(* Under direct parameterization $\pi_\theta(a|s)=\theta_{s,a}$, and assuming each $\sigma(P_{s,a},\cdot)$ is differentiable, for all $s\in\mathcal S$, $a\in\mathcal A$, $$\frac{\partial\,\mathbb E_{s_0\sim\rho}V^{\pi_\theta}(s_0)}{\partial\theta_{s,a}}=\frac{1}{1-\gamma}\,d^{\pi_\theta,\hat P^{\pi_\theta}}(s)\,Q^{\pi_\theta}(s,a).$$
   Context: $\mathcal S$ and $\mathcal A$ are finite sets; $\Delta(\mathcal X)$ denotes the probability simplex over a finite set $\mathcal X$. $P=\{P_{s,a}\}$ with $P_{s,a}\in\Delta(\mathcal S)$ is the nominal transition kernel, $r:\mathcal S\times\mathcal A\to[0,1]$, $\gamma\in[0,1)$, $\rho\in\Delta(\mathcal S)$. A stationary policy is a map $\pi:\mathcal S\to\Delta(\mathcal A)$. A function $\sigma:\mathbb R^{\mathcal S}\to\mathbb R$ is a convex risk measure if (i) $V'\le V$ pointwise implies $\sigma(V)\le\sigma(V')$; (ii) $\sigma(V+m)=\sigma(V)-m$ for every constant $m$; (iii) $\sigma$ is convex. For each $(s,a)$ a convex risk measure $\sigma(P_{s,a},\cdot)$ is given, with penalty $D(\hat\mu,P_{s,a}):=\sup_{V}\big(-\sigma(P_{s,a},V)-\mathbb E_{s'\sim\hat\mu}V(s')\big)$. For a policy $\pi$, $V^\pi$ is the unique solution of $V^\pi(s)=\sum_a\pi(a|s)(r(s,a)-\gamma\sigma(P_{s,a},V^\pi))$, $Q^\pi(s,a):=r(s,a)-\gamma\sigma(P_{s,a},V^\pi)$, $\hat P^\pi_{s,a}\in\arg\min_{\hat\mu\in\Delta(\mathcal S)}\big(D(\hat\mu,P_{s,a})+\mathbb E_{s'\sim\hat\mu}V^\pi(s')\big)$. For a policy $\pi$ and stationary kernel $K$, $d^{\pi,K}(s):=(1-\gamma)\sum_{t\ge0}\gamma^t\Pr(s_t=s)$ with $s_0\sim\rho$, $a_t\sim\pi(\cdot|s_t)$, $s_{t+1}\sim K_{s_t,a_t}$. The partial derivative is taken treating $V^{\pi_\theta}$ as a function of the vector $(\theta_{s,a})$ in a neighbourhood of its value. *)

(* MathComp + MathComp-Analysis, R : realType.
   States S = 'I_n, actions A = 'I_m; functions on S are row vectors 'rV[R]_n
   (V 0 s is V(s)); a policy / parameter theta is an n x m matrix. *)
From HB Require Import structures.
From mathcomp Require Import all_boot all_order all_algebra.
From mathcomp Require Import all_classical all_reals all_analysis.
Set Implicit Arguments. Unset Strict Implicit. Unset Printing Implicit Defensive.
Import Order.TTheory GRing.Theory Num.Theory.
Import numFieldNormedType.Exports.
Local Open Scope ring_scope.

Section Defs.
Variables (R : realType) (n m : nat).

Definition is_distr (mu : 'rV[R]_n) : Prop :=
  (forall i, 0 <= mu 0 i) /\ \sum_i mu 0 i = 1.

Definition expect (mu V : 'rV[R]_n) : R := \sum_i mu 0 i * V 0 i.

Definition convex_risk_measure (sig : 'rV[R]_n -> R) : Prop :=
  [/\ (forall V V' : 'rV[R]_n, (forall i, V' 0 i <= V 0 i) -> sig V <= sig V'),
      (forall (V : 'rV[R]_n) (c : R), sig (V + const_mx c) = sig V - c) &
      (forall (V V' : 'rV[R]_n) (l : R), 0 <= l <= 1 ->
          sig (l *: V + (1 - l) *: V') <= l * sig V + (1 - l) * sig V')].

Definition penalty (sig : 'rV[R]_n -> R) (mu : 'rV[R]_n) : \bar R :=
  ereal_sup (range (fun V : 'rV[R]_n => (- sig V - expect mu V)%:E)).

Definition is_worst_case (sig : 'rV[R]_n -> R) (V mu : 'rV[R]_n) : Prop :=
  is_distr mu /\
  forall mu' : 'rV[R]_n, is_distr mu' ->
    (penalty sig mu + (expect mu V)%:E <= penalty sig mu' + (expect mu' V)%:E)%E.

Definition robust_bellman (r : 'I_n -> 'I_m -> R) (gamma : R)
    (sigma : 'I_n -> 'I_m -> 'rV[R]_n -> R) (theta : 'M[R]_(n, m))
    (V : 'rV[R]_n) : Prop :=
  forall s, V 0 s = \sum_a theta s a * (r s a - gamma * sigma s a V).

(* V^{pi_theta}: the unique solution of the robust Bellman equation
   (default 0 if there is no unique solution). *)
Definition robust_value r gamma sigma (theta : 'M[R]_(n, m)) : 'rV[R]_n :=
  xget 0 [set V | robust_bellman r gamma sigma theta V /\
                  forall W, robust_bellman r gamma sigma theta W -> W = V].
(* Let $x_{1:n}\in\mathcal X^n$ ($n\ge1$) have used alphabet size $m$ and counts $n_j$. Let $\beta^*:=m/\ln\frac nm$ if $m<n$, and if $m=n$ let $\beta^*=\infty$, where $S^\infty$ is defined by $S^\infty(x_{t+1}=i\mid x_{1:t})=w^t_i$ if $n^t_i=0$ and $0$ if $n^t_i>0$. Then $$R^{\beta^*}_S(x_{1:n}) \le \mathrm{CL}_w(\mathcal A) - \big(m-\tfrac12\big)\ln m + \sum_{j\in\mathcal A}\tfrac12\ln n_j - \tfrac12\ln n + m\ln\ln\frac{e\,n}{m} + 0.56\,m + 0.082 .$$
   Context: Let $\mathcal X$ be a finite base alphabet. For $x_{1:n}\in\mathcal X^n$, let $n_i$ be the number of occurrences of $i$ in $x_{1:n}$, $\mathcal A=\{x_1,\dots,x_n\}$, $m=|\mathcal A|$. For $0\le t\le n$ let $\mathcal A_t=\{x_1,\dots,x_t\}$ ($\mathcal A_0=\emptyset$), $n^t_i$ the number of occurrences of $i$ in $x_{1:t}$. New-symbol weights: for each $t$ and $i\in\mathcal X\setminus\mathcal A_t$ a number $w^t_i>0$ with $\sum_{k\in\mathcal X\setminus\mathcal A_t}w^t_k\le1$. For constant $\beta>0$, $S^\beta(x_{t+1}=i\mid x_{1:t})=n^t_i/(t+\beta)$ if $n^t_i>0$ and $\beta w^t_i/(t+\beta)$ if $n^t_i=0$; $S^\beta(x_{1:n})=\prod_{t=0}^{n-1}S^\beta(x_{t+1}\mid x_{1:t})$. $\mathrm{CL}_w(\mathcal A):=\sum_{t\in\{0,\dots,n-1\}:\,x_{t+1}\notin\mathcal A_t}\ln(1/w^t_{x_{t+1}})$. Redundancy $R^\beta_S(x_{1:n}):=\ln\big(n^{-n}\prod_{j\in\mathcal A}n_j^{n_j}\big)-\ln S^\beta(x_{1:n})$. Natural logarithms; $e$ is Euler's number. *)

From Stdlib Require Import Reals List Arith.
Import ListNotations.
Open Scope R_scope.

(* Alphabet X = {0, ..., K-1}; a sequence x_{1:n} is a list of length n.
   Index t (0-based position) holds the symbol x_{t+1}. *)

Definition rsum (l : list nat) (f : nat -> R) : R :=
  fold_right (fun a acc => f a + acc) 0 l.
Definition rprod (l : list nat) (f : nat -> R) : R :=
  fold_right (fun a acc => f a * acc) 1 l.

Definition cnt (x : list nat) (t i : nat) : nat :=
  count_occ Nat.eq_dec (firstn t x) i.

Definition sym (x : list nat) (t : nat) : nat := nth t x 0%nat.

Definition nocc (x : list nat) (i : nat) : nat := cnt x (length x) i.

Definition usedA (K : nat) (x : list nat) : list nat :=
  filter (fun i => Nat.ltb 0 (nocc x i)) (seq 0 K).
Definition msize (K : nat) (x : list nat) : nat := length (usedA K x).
────────────────────
The line containing "fold_right (fun a acc => f a + acc) 0 l." marks the start. Repeat it and every line after it to the end of the listing above, exactly.

§ **Output below**:
  fold_right (fun a acc => f a + acc) 0 l.
Definition rprod (l : list nat) (f : nat -> R) : R :=
  fold_right (fun a acc => f a * acc) 1 l.

Definition cnt (x : list nat) (t i : nat) : nat :=
  count_occ Nat.eq_dec (firstn t x) i.

Definition sym (x : list nat) (t : nat) : nat := nth t x 0%nat.

Definition nocc (x : list nat) (i : nat) : nat := cnt x (length x) i.

Definition usedA (K : nat) (x : list nat) : list nat :=
  filter (fun i => Nat.ltb 0 (nocc x i)) (seq 0 K).
Definition msize (K : nat) (x : list nat) : nat := length (usedA K x).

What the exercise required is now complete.